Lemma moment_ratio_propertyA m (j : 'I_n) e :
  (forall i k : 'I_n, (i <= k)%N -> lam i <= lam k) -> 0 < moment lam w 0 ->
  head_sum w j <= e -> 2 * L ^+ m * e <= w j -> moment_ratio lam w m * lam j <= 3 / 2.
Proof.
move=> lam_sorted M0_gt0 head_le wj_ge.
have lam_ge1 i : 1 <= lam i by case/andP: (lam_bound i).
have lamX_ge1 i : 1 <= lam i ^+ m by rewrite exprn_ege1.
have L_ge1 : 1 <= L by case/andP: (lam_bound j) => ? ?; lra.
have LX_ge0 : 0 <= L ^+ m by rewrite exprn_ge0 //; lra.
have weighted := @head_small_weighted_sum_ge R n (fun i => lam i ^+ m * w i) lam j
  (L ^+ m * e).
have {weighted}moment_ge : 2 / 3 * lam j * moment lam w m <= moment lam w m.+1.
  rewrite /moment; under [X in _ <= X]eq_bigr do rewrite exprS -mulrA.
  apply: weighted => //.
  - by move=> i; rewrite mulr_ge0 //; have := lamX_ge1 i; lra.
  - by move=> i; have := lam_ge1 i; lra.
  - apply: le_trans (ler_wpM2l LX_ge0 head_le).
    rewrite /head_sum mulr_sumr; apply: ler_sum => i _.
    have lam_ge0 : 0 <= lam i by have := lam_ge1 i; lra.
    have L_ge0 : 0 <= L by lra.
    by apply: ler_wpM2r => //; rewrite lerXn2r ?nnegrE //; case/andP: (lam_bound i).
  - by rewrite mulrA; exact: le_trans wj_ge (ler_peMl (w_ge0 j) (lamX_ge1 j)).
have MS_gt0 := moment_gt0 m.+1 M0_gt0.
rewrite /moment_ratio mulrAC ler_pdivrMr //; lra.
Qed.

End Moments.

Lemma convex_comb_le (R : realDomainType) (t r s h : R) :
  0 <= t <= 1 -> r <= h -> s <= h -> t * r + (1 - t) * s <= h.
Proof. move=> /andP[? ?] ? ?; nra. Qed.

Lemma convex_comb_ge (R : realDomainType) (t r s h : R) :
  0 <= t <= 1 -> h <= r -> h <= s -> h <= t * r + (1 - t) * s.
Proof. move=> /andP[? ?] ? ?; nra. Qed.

*-*-*

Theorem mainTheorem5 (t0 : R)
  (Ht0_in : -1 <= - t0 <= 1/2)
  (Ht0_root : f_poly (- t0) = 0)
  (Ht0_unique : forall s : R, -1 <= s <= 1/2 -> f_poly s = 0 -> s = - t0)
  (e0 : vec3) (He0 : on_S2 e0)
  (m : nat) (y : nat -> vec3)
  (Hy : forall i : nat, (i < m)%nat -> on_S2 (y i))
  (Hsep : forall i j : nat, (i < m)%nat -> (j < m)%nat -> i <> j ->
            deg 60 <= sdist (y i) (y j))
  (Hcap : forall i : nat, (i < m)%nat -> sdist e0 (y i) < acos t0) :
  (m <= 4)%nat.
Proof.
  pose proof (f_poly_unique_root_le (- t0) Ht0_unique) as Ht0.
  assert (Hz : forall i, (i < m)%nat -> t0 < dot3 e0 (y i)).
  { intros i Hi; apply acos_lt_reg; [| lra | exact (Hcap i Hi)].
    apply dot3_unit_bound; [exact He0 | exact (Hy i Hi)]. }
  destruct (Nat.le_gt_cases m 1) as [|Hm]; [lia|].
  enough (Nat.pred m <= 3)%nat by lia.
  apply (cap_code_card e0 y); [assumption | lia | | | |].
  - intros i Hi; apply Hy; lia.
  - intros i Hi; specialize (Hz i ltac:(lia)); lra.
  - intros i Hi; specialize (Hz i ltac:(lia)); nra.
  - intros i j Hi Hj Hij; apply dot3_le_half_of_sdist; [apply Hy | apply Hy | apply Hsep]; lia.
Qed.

*-*-*

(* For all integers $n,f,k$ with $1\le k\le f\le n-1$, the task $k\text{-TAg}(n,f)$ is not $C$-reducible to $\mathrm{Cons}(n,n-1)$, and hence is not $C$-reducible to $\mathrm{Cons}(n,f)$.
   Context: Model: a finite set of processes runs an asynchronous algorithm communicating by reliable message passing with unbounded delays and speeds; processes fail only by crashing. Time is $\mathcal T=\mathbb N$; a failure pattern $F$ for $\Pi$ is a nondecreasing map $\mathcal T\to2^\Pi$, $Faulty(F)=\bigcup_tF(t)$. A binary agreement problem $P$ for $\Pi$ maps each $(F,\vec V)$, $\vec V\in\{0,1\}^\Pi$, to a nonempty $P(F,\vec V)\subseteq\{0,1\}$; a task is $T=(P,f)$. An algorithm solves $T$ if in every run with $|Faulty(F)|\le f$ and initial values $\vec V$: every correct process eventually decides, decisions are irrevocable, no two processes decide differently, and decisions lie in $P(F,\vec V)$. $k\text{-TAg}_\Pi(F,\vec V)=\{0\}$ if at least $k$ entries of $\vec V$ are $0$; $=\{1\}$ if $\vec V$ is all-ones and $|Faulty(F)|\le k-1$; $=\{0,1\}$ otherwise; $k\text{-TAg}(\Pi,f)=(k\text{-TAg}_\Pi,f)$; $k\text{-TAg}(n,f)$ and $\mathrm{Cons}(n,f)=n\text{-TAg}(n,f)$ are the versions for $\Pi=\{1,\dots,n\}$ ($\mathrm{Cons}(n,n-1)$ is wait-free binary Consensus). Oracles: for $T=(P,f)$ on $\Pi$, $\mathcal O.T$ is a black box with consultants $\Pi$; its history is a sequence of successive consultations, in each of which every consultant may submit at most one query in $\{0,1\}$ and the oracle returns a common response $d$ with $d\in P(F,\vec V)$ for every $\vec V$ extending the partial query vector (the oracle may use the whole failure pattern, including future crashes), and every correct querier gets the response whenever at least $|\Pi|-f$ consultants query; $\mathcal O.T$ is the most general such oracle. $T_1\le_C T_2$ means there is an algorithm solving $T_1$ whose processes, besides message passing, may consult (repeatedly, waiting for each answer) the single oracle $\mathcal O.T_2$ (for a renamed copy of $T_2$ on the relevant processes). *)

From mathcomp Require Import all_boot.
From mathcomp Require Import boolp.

*-*-*

WORK REQUIRED – Throughout the material above, find every line holding "ltac" and copy it.

RESPONSE AREA –
  - intros i Hi; specialize (Hz i ltac:(lia)); lra.
  - intros i Hi; specialize (Hz i ltac:(lia)); nra.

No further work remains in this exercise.